Wohin gehen die USA, wenn Clinton das Rennen macht, und wohin, wenn es Trump macht?

Ich sage einmal, wohin Amerika gehen könnte, egal wer das Rennen macht: Wir müssen für die nahe Zukunft fürchten, dass sich die neue Führung in den USA auf die Innenpolitik und die sehr, sehr aufgeheizte Lage im eigenen Land konzentrieren wird. Das wird Auswirkungen auf die außenpolitische Wirkkraft und Präsenz der USA haben.

"It’s the economy, stupid", die Konzentration auf innere Probleme, gab’s früher auch schon.

Es ist nicht nur die Economy. Das Land wird sich nach den Wahlen in unruhigem Fahrwasser bewegen: Trump könnte, wenn er verliert, die Wahlen nicht anerkennen; sollte er gewinnen, wird auch das nicht zu einer Bereinigung der aufgestauten Wut, manchmal des Hasses führen.
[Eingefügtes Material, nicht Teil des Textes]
(* Let $(X,d)$ be a separable metric space and $f:X\to X$ a Borel measurable map. If either $f$ has only countably many distinct stable classes, or $f$ is Lyapunov stable on its recurrent set $R(f)$, then $f$ has no $f$-invariant Borel probability measure that is an expansive measure of $f$.
   Context: The stable class of $p\in X$ is $W^s(p)=\{x\in X:\lim_{n\to\infty}d(f^n(x),f^n(p))=0\}$. The recurrent set is $R(f)=\{x\in X: x\in\omega_f(x)\}$, where $\omega_f(x)$ is the set of limits $\lim_{k\to\infty}f^{n_k}(x)$ over sequences $n_k\to\infty$. $f$ is Lyapunov stable on $A\subset X$ if for every $x\in A$ and $\epsilon>0$ there is a neighborhood $U(x)$ of $x$ with $d(f^n(x),f^n(y))<\epsilon$ for all $n\ge0$ and $y\in U(x)\cap A$. A Borel probability measure $\mu$ is an expansive measure of $f$ if there is $\delta>0$ with $\mu(\Phi_\delta(x))=0$ for all $x\in X$, where $\Phi_\delta(x)=\{y\in X: d(f^i(y),f^i(x))\le\delta \ \forall i\in\{0,1,2,\dots\}\}$; it is invariant if $\mu=\mu\circ f^{-1}$. *)

From HB Require Import structures.
From mathcomp Require Import all_boot all_order all_algebra.
From mathcomp Require Import all_classical all_reals all_analysis.
Set Implicit Arguments. Unset Strict Implicit. Unset Printing Implicit Defensive.
Import Order.TTheory GRing.Theory Num.Theory.
Import numFieldNormedType.Exports.
Local Open Scope classical_set_scope.
Local Open Scope ring_scope.

Section Dyn.
Context {R : realType} {X : Type}.
Variable dist : X -> X -> R.

Definition is_metric : Prop :=
  (forall x y, 0 <= dist x y) /\
  (forall x y, dist x y = 0 <-> x = y) /\
  (forall x y, dist x y = dist y x) /\
  (forall x y z, dist x z <= dist x y + dist y z).

Definition dopen (U : set X) : Prop :=
  forall x, U x -> exists2 r : R, 0 < r & forall y, dist x y < r -> U y.

Definition separable : Prop :=
  exists D : set X, countable D /\
    forall x (e : R), 0 < e -> exists2 y, D y & dist x y < e.

Definition borel_sets : set (set X) := <<s dopen >>.

Variable f : X -> X.

Definition stable_class (p : X) : set X :=
  [set x | (fun n => dist (iter n f x) (iter n f p)) @ \oo --> (0 : R)].

Definition omega_limit (x : X) : set X :=
  [set y | exists nk : nat -> nat,
     (forall N, exists K, forall k, (K <= k)%N -> (N <= nk k)%N) /\
     (fun k => dist (iter (nk k) f x) y) @ \oo --> (0 : R)].

Definition recurrent_set : set X := [set x | omega_limit x x].

Definition lyapunov_stable_on (A : set X) : Prop :=
  forall x, A x -> forall eps : R, 0 < eps ->
    exists U : set X, [/\ dopen U, U x &
      forall y, U y -> A y -> forall n, dist (iter n f x) (iter n f y) < eps].

Definition Phi (delta : R) (x : X) : set X :=
  [set y | forall i : nat, dist (iter i f y) (iter i f x) <= delta].

Definition expansive_measure (mu : set X -> \bar R) : Prop :=
  exists2 delta : R, 0 < delta & forall x, mu (Phi delta x) = 0%E.

Definition invariant_measure (mu : set X -> \bar R) : Prop :=
  forall A, borel_sets A -> mu (f @^-1` A) = mu A.

End Dyn.

(** Both hypotheses make almost every point lie in a countable union of
    sets each of which is contained in some dynamical ball [Phi delta x],
    and each such set is null for an expansive measure.  If there are
    countably many stable classes, this covers [X] since [W^s(p)] is the
    union over [N] of the preimages under [f^N] of [Phi delta (f^N p)].
    Under Lyapunov stability on [R(f)], every recurrent point has a ball,
    taken from a countable base, whose recurrent points stay
    [delta]-close to it forever; and by Poincare recurrence, which needs
    separability and the invariance of the probability, [R(f)] has full
    measure.  Either way [X] itself would be null. *)

From mathcomp Require Import all_boot all_order all_algebra.
From mathcomp Require Import all_classical all_reals all_analysis.
From mathcomp Require Import lra.
Import Order.TTheory GRing.Theory Num.Theory.
Import numFieldNormedType.Exports.
Local Open Scope classical_set_scope.
Local Open Scope ring_scope.

Lemma negligible_bigcup_countable d (T : sigmaRingType d) (R : realFieldType)
    (mu : {measure set T -> \bar R}) I (D : set I) (F : I -> set T) :
  countable D -> (forall i, D i -> mu.-negligible (F i)) ->
  mu.-negligible (\bigcup_(i in D) F i).
Proof.
move=> /pfcard_geP [->|/surjfunPex [g ->]] nF.
  by rewrite bigcup_set0; exact: negligible_set0.
rewrite bigcup_image; apply: negligible_bigcup => n.
by apply: nF; exists n.
Qed.

Lemma nat_mul_le1_le0 (R : realType) (r : R) :
  (forall n : nat, r *+ n <= 1) -> r <= 0.
Proof.
move=> le1; rewrite leNgt; apply/negP => r_gt0.
have := le1 (Num.truncn r^-1).+1; rewrite -mulr_natl.
have := truncnS_gt r^-1.
have : r * r^-1 = 1 by rewrite divff // gt_eqF.
move: (Num.truncn r^-1).+1%:R => N; nra.
Qed.

Section MetricSpace.
Context {R : realType} {X : Type} (dist : X -> X -> R).
Hypothesis dist_metric : is_metric dist.

Lemma dist_ge0 x y : 0 <= dist x y. Proof. by case: dist_metric. Qed.

Lemma dist_xx x : dist x x = 0.
Proof. by case: dist_metric => _ [/(_ x x) [_ ->]]. Qed.

Lemma distC x y : dist x y = dist y x.
Proof. by case: dist_metric => _ [_ [->]]. Qed.

Lemma dist_triangle x y z : dist x z <= dist x y + dist y z.
Proof. by case: dist_metric => _ [_ [_ ->]]. Qed.

Definition dball (c : X) (n : nat) := [set z | dist c z < n.+1%:R^-1].

Lemma dopen_dball c n : dopen dist (dball c n).
Proof.
move=> x /= cx; exists (n.+1%:R^-1 - dist c x); first by rewrite subr_gt0.
move=> z; rewrite /dball /=; have := dist_triangle c x z.
by move: n.+1%:R^-1 => a; lra.
Qed.

Lemma dopen_setC_cball c r : dopen dist (~` [set z | dist z c <= r]).
Proof.
move=> x /= /negP; rewrite -ltNge => rx; exists (dist x c - r).
  by rewrite subr_gt0.
by move=> z xz /=; apply/negP; rewrite -ltNge; have := dist_triangle x z c; lra.
Qed.

Lemma dense_dball_sub (D : set X) :
  (forall x e, 0 < e -> exists2 y, D y & dist x y < e) ->
  forall x r, 0 < r ->
  exists c n, [/\ D c, dball c n x & dball c n `<=` [set z | dist x z < r]].
Proof.
move=> D_dense x r r_gt0; have r2_gt0 : 0 < r / 2 by rewrite divr_gt0.
have [N _ /(_ N (leqnn N)) /= N_lt] := near_infty_natSinv_lt (PosNum r2_gt0).
have [c Dc xc] := D_dense x N.+1%:R^-1 (ltac:(by rewrite invr_gt0)).
exists c, N; split => //; first by rewrite /dball /= distC.
move=> z; rewrite /dball /= => cz; have := dist_triangle x c z.
by move: N_lt xc cz; move: N.+1%:R^-1 => a; lra.
Qed.

Lemma recurrent_of_returns (f : X -> X) x :
  (forall K, exists m, (K <= m)%N /\ dist x (iter m f x) < K.+1%:R^-1) ->
  recurrent_set dist f x.
Proof.
move=> /choice [nk nkP].
exists nk; split.
  by move=> N; exists N => k Nk; apply: leq_trans Nk (nkP k).1.
apply/cvgrPdist_lt => e e_gt0; near=> k.
rewrite sub0r normrN ger0_norm ?dist_ge0 // distC.
apply: lt_trans (nkP k).2 _; near: k.
exact: near_infty_natSinv_lt (PosNum e_gt0).
Unshelve. all: by end_near.
Qed.

End MetricSpace.

Section InvariantProbability.
Context {R : realType} {d : measure_display} {X : measurableType d}.
Variables (f : X -> X) (P : probability X R).
Hypothesis f_measurable : measurable_fun setT f.
Hypothesis P_invariant : forall A, measurable A -> P (f @^-1` A) = P A.

Lemma preimage_iterS n (A : set X) :
  iter n.+1 f @^-1` A = iter n f @^-1` (f @^-1` A).
Proof. by []. Qed.

Lemma measurable_preimage_iter n A :
  measurable A -> measurable (iter n f @^-1` A).
Proof.
elim: n A => [//|n IH] A mA; rewrite preimage_iterS.
by apply: IH; rewrite -[_ @^-1` _]setTI; exact: f_measurable.
Qed.

Lemma measure_preimage_iter n A :
  measurable A -> P (iter n f @^-1` A) = P A.
Proof.
elim: n A => [//|n IH] A mA; rewrite preimage_iterS IH ?P_invariant //.
by rewrite -[_ @^-1` _]setTI; exact: f_measurable.
Qed.

Lemma negligible_preimage_iter n A :
  measurable A -> P A = 0%E -> P.-negligible (iter n f @^-1` A).
Proof.
move=> mA PA0; apply/negligibleP; first exact: measurable_preimage_iter.
by rewrite -PA0; exact: measure_preimage_iter.
Qed.

Definition never_returns (B : set X) :=
  B `&` \bigcap_n ~` (iter n.+1 f @^-1` B).

Lemma measurable_never_returns B : measurable B -> measurable (never_returns B).
Proof.
move=> mB; apply: measurableI => //; apply: bigcapT_measurable => n.
exact/measurableC/measurable_preimage_iter.
Qed.

Lemma trivIset_preimage_never_returns B :
  trivIset setT (fun m => iter m f @^-1` never_returns B).
Proof.
apply: ltn_trivIset => n m lt_mn; apply/seteqP; split => // x /=.
move=> [[_ nret] [Bx _]].
apply: (nret (n - m.+1)%N I); rewrite /= -iterD -iterS -addSn addSnnS subnK //.
Qed.

(* The preimages of the wandering set are pairwise disjoint and have equal
   measure, so their measure is zero in a probability space. *)
Lemma never_returns_null B : measurable B -> P (never_returns B) = 0%E.
Proof.
move=> mB; have mW := measurable_never_returns _ mB.
have sum_le1 n : (\sum_(i < n) P (never_returns B) <= 1)%E.
  have := @measure_bigsetU _ _ _ P _ (fun i => measurable_preimage_iter i _ mW)
    (trivIset_preimage_never_returns B) n.
  rewrite (eq_bigr (fun=> P (never_returns B))) => [|i _]; last first.
    exact: measure_preimage_iter.
  move=> <-; apply: probability_le1.
  by apply: bigsetU_measurable => i _; exact: measurable_preimage_iter.
have : (0 <= P (never_returns B))%E by exact: measure_ge0.
case: (P (never_returns B)) sum_le1 => [r le1 r_ge0|/(_ 1%N)|//].
- rewrite lee_fin in r_ge0; congr (_%:E); apply/eqP; rewrite eq_le r_ge0 andbT.
  apply: nat_mul_le1_le0 => n; have := le1 n.
  by rewrite sumEFin lee_fin sumr_const card_ord.
- by rewrite big_ord1.
Qed.

Definition visits_infinitely (B : set X) (x : X) :=
  forall N, exists2 n, (N <= n)%N & B (iter n f x).

Lemma last_visit_never_returns B x N :
  B x -> (forall n, (N <= n)%N -> ~ B (iter n f x)) ->
  exists m, never_returns B (iter m f x).
Proof.
elim: N => [|N IH] Bx notB; first by case: (notB 0%N (leq0n 0)).
have [BN|notBN] := pselect (B (iter N f x)); last first.
  by apply: IH => // n; rewrite leq_eqVlt => /orP [/eqP <- //|]; exact: notB.
exists N; split => // k _; rewrite /= -iterS -iterD; apply: notB.
by rewrite addSn ltnS leq_addl.
Qed.

Lemma poincare_recurrence B : measurable B ->
  P.-negligible [set x | B x /\ ~ visits_infinitely B x].
Proof.
move=> mB.
apply: (negligibleS (A := \bigcup_m (iter m f @^-1` never_returns B))).
  move=> x [Bx not_inf]; apply: contrapT => no_last; apply: not_inf => N.
  apply: contrapT => not_after; apply: no_last.
  have [|m Wm] := last_visit_never_returns B x N Bx; last by exists m.
  by move=> n Nn Bn; apply: not_after; exists n.
apply: negligible_bigcup => m; apply: negligible_preimage_iter.
  exact: measurable_never_returns.
exact: never_returns_null.
Qed.

End InvariantProbability.

Section BorelDynamics.
Context {R : realType} {d : measure_display} {X : measurableType d}.
Variables (dist : X -> X -> R) (f : X -> X) (P : probability X R).
Hypothesis dist_metric : is_metric dist.
Hypothesis dopen_measurable : forall U, dopen dist U -> measurable U.
Hypothesis f_measurable : measurable_fun setT f.
Hypothesis P_invariant : forall A, measurable A -> P (f @^-1` A) = P A.

Lemma measurable_Phi delta x : measurable (Phi dist f delta x).
Proof.
have -> : Phi dist f delta x =
    \bigcap_i (iter i f @^-1` [set z | dist z (iter i f x) <= delta]).
  by apply/seteqP; split=> y /= Phi_y i; [move=> _; exact: Phi_y|exact: Phi_y].
apply: bigcapT_measurable => i; apply: measurable_preimage_iter => //.
rewrite -[X in measurable X]setCK; apply: measurableC.
exact/dopen_measurable/dopen_setC_cball.
Qed.

Lemma recurrent_set_ae :
  separable dist -> P.-negligible (~` recurrent_set dist f).
Proof.
move=> [D [D_countable D_dense]].
pose nonrecurrent c n :=
  [set x | dball dist c n x /\ ~ visits_infinitely f (dball dist c n) x].
apply: (negligibleS (A := \bigcup_(c in D) \bigcup_n nonrecurrent c n)).
  move=> x not_rec; apply: contrapT => not_cover; apply: not_rec.
  apply: recurrent_of_returns => // K.
  have K_gt0 : 0 < K.+1%:R^-1 :> R by rewrite invr_gt0.
  have [c [n [Dc cx sub]]] := dense_dball_sub _ dist_metric _ D_dense x _ K_gt0.
  have visits : visits_infinitely f (dball dist c n) x.
    apply: contrapT => not_visits; apply: not_cover.
    by exists c => //; exists n.
  have [m Km cm] := visits K.
  by exists m; split => //; exact: sub.
apply: negligible_bigcup_countable => // c _; apply: negligible_bigcup => n.
exact/poincare_recurrence/dopen_measurable/dopen_dball.
Qed.

Section Expansive.
Variables (delta : R) (delta_gt0 : 0 < delta).
Hypothesis Phi_null : forall x, P (Phi dist f delta x) = 0%E.

Lemma negligible_sub_Phi A x : A `<=` Phi dist f delta x -> P.-negligible A.
Proof.
move=> APhi; apply: negligibleS APhi _.
by apply/negligibleP; [exact: measurable_Phi|exact: Phi_null].
Qed.

Lemma stable_class_sub_bigcup_Phi p :
  stable_class dist f p `<=`
  \bigcup_N (iter N f @^-1` Phi dist f delta (iter N f p)).
Proof.
move=> x /= /cvgrPdist_lt /(_ delta delta_gt0) [N _ closeN].
exists N => // i /=.
rewrite -!iterD; have := closeN (i + N)%N (leq_addl _ _).
by rewrite sub0r normrN ger0_norm ?dist_ge0 // => /ltW.
Qed.

Lemma negligible_stable_class p : P.-negligible (stable_class dist f p).
Proof.
apply: negligibleS (stable_class_sub_bigcup_Phi p) _.
apply: negligible_bigcup => N; apply: negligible_preimage_iter => //.
exact: measurable_Phi.
Qed.

Lemma negligible_countable_stable_classes :
  countable (range (stable_class dist f)) -> P.-negligible setT.
Proof.
move=> countable_W.
apply: (negligibleS (A := \bigcup_(A in range (stable_class dist f)) A)).
  move=> x _; exists (stable_class dist f x); first by exists x.
  rewrite /stable_class /= (eq_cvg _ _ (fun n => dist_xx _ dist_metric _)).
  exact: cvg_cst.
apply: negligible_bigcup_countable => // _ [p _ <-].
exact: negligible_stable_class.
Qed.

Lemma negligible_recurrent_set_lyapunov : separable dist ->
  lyapunov_stable_on dist f (recurrent_set dist f) ->
  P.-negligible (recurrent_set dist f).
Proof.
move=> [D [D_countable D_dense]] lyap.
pose piece c n := dball dist c n `&` recurrent_set dist f.
pose good c := [set n | exists x, piece c n `<=` Phi dist f delta x].
apply: (negligibleS (A := \bigcup_(c in D) \bigcup_(n in good c) piece c n)).
  move=> x rec_x; have [U [U_open Ux U_close]] := lyap x rec_x delta delta_gt0.
  have [r r_gt0 xrU] := U_open x Ux.
  have [c [n [Dc cx sub]]] := dense_dball_sub _ dist_metric _ D_dense x _ r_gt0.
  exists c => //; exists n => //; exists x => z [cz rec_z] i.
  by rewrite (distC _ dist_metric); apply/ltW/U_close => //; exact/xrU/sub.
apply: negligible_bigcup_countable => // c _.
apply: negligible_bigcup_countable => [|n [x]]; first exact: countableP.
exact: negligible_sub_Phi.
Qed.

End Expansive.
End BorelDynamics.

Theorem corollary3p5 (R : realType) (d : measure_display) (X : measurableType d)
  (dist : X -> X -> R)
  (Hmetric : is_metric dist)
  (Hsep : separable dist)
  (Hborel : @measurable d X = borel_sets dist)
  (f : X -> X)
  (Hf : measurable_fun setT f)
  (Hcase : countable (range (stable_class dist f)) \/
           lyapunov_stable_on dist f (recurrent_set dist f)) :
  forall P : probability X R,
    invariant_measure dist f P -> ~ expansive_measure dist f P.
Proof.
move=> P P_inv [delta delta_gt0 Phi_null].
have dopen_meas U : dopen dist U -> measurable U.
  by rewrite Hborel; exact: sub_sigma_algebra.
have P_invariant A : measurable A -> P (f @^-1` A) = P A.
  by rewrite Hborel; exact: P_inv.
suff : P.-negligible setT.
  move=> /(measure_negligible measurableT) P0; have := probability_setT P.
  by rewrite P0 => /eqP; rewrite eq_sym onee_eq0.
case: Hcase => [countable_W|lyap].
  exact: (negligible_countable_stable_classes _ _ _ Hmetric dopen_meas Hf
    P_invariant _ delta_gt0 Phi_null countable_W).
rewrite -(setvU (recurrent_set dist f)); apply: negligibleU.
  exact: (recurrent_set_ae _ _ _ Hmetric dopen_meas Hf P_invariant Hsep).
exact: (negligible_recurrent_set_lyapunov _ _ _ Hmetric dopen_meas Hf _
  delta_gt0 Phi_null Hsep lyap).
Qed.
Lemma sat_mono (M : model) (f : form) (w w' : W M) :
  le M w w' -> sat M w f -> sat M w' f.
Proof.
  revert w w'; induction f; simpl; intros w w' Hle H.
  - eapply V_mono; eauto.
  - exact H.
  - destruct H; split; eauto.
  - destruct H; [left | right]; eauto.
  - intros u Hu. apply H. eapply le_trans; eauto.
  - intros u v Hu. apply H. eapply le_trans; eauto.
  - intros u Hu. apply H. eapply le_trans; eauto.
Qed.

Lemma valid_Iff_sat (M : model) (p r : form) :
  valid_in M (Iff p r) -> forall w, sat M w p <-> sat M w r.
Proof.
  intros H w. destruct (H w) as [Hpr Hrp].
  split; intro; [apply (Hpr w) | apply (Hrp w)]; auto using le_refl.
Qed.

Lemma valid_Iff_truth_set (M : model) (p r : form) :
  valid_in M (Iff p r) -> (fun w => sat M w p) = (fun w => sat M w r).
Proof.
  intro H. apply functional_extensionality; intro w.
  apply propositional_extensionality, valid_Iff_sat, H.
Qed.

Theorem ConstCK_sound (phi : form) : ConstCK phi -> forall M, valid_in M phi.
Proof.
  intro D; induction D; intros M w; simpl.
  - intros w1 _ H1 w2 H12 _. eapply sat_mono; eauto.
  - intros w1 _ H1 w2 H12 H2 w3 H23 H3.
    assert (H13 : le M w1 w3) by (eapply le_trans; eauto).
    exact (H1 w3 H13 H3 w3 (le_refl _ _) (H2 w3 H23 H3)).
  - intros w1 _ [H _]; exact H.
  - intros w1 _ [_ H]; exact H.
  - intros w1 _ H1 w2 H12 H2. split; [eapply sat_mono; eauto | exact H2].
  - intros w1 _ H; left; exact H.
  - intros w1 _ H; right; exact H.
  - intros w1 _ H1 w2 H12 H2 w3 H23 [H3 | H3].
    + exact (H1 w3 (le_trans _ _ _ _ H12 H23) H3).
    + exact (H2 w3 H23 H3).
  - intros w1 _ [].
  - exact (IHD1 M w w (le_refl _ _) (IHD2 M w)).
  - intros w1 _ H. split; intros u v Hu Hv; destruct (H u v Hu Hv); assumption.
  - intros w1 _ [H1 H2] u v Hu Hv. split; eauto.
  - intros u v _ _ w1 _ H; exact H.
  - intros w1 _ H. destruct (H w1 (le_refl _ _)) as [v [_ []]].
  - intros w1 _ H1 w2 H12 H2 w3 H23.
    destruct (H2 w3 H23) as [v [Hv Hs]]. exists v; split; [exact Hv |].
    exact (H1 w3 v (le_trans _ _ _ _ H12 H23) Hv v (le_refl _ _) Hs).
  - rewrite (valid_Iff_truth_set M p r (IHD M)). split; intros w1 _ H; exact H.
  - pose proof (valid_Iff_sat M q r (IHD M)) as E.
    split; intros w1 _ H u v Hu Hv; apply E; eapply H; eauto.
  - rewrite (valid_Iff_truth_set M p r (IHD M)). split; intros w1 _ H; exact H.
  - pose proof (valid_Iff_sat M q r (IHD M)) as E.
    split; intros w1 _ H u Hu; destruct (H u Hu) as [v [Hv Hs]];
      exists v; split; [exact Hv | apply E, Hs | exact Hv | apply E, Hs].
Qed.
Wir haben erstmals wieder Rassenunruhen erlebt. Wir haben eine einzigartige Perspektivenlosigkeit in der Mittelschicht und in der unteren Mittelschicht. Bisher war es typisch für den amerikanischen Charakter, dass man, selbst wenn es einem nicht gut geht, immer noch ein großes Maß an Hoffnung für die nächste Generation an den Tag gelegt hat. Diese Hoffnung ist erheblich untergraben.

Da ist also viel aufzuräumen?

Ja, all das, was sich in diesem bizarren Wahlkampf an toxischen Stimmungslagen aufgebaut hat, lässt sich nicht schnell vom Tisch wischen. Da sind tiefe Gräben zuzuschütten, Brücken zu bauen, möglicherweise kommt es wieder zu Blockaden zwischen Präsident und Kongress, das wird nicht so einfach.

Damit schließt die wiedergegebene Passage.